Hmm... Tomcat used to complain when you hit maxConnections. Perhaps
that it gone, or perhaps it only was for certain connectors, or maybe
without using an executor (and an executor is always used since Tomcat
7... maybe Tomcat 6).

>>> In production maxConnections is the default of 200, but when 
>>> looking at the number of connections being processed by tomcat
>>> it’s rarely more than a couple dozen per instance. There’s
>>> always the possibility that it occasionally spikes.
>> 
>> What is the resolution of the data you have? Are you sampling
>> with some regularity?
> 
> It’s really just spot checking using JMX and looking at the tomcat
> server-status page.

You might want to set up something like Nagios to watch all the time.
You can set alarms for high-usage of the connection pool.

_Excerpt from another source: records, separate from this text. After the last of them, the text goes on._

(* Let $\mathcal{C}$ be a path category and let $\mathcal{D}$ be a class of display maps with weak (respectively strong) homotopy $\Pi$-types in $\mathcal{C}$. Let $\mathcal{I}$ be the class of isomorphisms in $\mathcal{C}$. Then $\mathcal{D} \cup \mathcal{I}$ is also a class of display maps with weak (respectively strong) homotopy $\Pi$-types.
   Context: A path category is a category with two classes of maps, fibrations and weak equivalences, such that: fibrations are closed under composition and contain the isomorphisms; pullbacks of fibrations along arbitrary maps exist and are fibrations; there is a terminal object and every map to it is a fibration; isomorphisms are weak equivalences; weak equivalences satisfy 2-out-of-6; every object $X$ has a path object, a factorisation of the diagonal as a weak equivalence $X \to PX$ followed by a fibration $(s,t): PX \to X\times X$; pullbacks of trivial fibrations are trivial fibrations; every trivial fibration has a section. For a fibration $p: Y \to A$ one similarly factors $Y \to Y\times_A Y$ to get a fibrewise path object $P_A Y$, and two maps $m, m': D \to Y$ over $A$ are fibrewise homotopic ($m \simeq_A m'$) if there is $H: D \to P_A Y$ with $(s,t)H = (m,m')$. Homotopy $\Pi$-types: given fibrations $g: C \to B$ and $f: B \to A$, a weak homotopy $\Pi$-type $\Pi_f(g)$ is a fibration $\pi: \Pi \to A$ with a map $\varepsilon: \Pi\times_A B \to C$ satisfying $g\varepsilon = $ the projection to $B$, such that for every map $h: D \to A$ and every $m: D\times_A B \to C$ with $gm$ equal to the projection to $B$, there is $k: D \to \Pi$ with $\pi k = h$ and $\varepsilon\circ(k\times_A B) \simeq_B m$; it is strong if moreover for any $k, k': D \to \Pi$ over $A$ with $\varepsilon(k\times_A B) \simeq_B \varepsilon(k'\times_A B)$ we have $k \simeq_A k'$. A class $\mathcal{D}$ of fibrations is a class of display maps with weak (strong) homotopy $\Pi$-types if: every identity map lies in $\mathcal{D}$; the pullback of a map in $\mathcal{D}$ along any map can be found in $\mathcal{D}$ (some pullback lies in $\mathcal{D}$); and for all composable $d: X \to I$, $e: I \to J$ in $\mathcal{D}$ a weak (strong) homotopy $\Pi$-type $\Pi_e(d)$ exists and can be found in $\mathcal{D}$. *)

Set Implicit Arguments.
Unset Strict Implicit.
(* On the 2-abacus with an odd number N of beads, the beta-set of Phi_t(nu_i) is
   that of Phi_t(mu) with one bead moved from some position x_i to x_i + 2: the
   bead of the good node added to mu, which lies on runner 0 or 1 of the
   2-quotient according to its component and the parity of t.  Because the
   charge is (t - (e-1)/2, 0), the position of that bead is 2 j_i plus a
   constant depending only on t and N, modulo e.  Equal e-cores mean equal
   multisets of residues mod e of the beta-sets; since e does not divide 2,
   moving a bead by 2 changes that multiset, so x_1 = x_2 (mod e).  Hence
   2 j_1 = 2 j_2 (mod e), and j_1 = j_2 because e is odd. *)

(** * Beta-sets *)

Lemma perm_count_mem (T : eqType) (s1 s2 : seq T) :
  (forall x, count_mem x s1 = count_mem x s2) -> perm_eq s1 s2.
Proof. by move=> eq_cnt; apply/allP => x _ /=; rewrite eq_cnt. Qed.

Lemma perm_set_nth (T : eqType) (x0 : T) (s : seq T) k y : k < size s ->
  perm_eq (nth x0 s k :: set_nth x0 s k y) (y :: s).
Proof.
move=> lt_k; rewrite set_nthE lt_k.
rewrite -[in y :: s](cat_take_drop k s) (drop_nth x0 lt_k).
by apply/permP => P; rewrite /= !count_cat /=; lia.
Qed.

Lemma nth_sorted_geq (s : seq nat) i : sorted geq s -> nth 0 s i.+1 <= nth 0 s i.
Proof.
move=> /(sortedP 0) s_geq; case: (ltnP i.+1 (size s)) => [/s_geq //|le_si].
by rewrite nth_default.
Qed.

Definition shift_beads (X : seq nat) : seq nat := map succn X ++ [:: 0].

Lemma size_beta_set la r : size (beta_set la r) = r.
Proof. by rewrite size_map size_iota. Qed.

Lemma beta_setS la r : size la <= r ->
  beta_set la r.+1 = shift_beads (beta_set la r).
Proof.
move=> le_la_r; rewrite /beta_set /shift_beads -addn1 iotaD map_cat /= add0n.
congr (_ ++ _); last by rewrite nth_default // addn1 subnn.
rewrite -map_comp; apply/eq_in_map => a; rewrite mem_iota /=; lia.
Qed.

Lemma beta_set_addn la r d : size la <= r ->
  beta_set la (r + d) = iter d shift_beads (beta_set la r).
Proof.
move=> le_la_r; elim: d => [|d IHd]; first by rewrite addn0.
by rewrite addnS beta_setS ?IHd //; lia.
Qed.

Lemma beta_set_cons x la r : beta_set (x :: la) r.+1 = x + r :: beta_set la r.
Proof.
rewrite /beta_set /= (iotaDl 1 0 r) -map_comp; congr (_ :: _); first lia.
by apply/eq_map => a /=; rewrite add0n; lia.
Qed.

>>> Anyway, the question is:  Is there any good way to see if
>>> tomcat is going into a state where it’s not accepting
>>> connections? How would would I see this? Is it possible to see
>>> this ?
>> 
>> Sure: connect to a specific Tomcat. If you get a "connection
>> refused", then you are in this state.
> 
> Well of course, but this doesn’t happen very often.

Right: the TCP accept queue will hold the connection indefinitely
unless the client decides to terminate the connection (usually due to
a timeout). So unless you saturate both your maxConnections plus the
accept queue, you won't get (many) connection failures.

>> Your load balancer should have a setting where you can choose a 
>> back-end server explicitly if you want to go through the lb, or
>> you can just contact one directly.
> 
> Of course, I can talk to back ends directly or not.

I was wondering if you could connect through the lb to a specific
backend server, because it's possible that the lb is the one refusing
the connections for some reason and not Tomcat itself.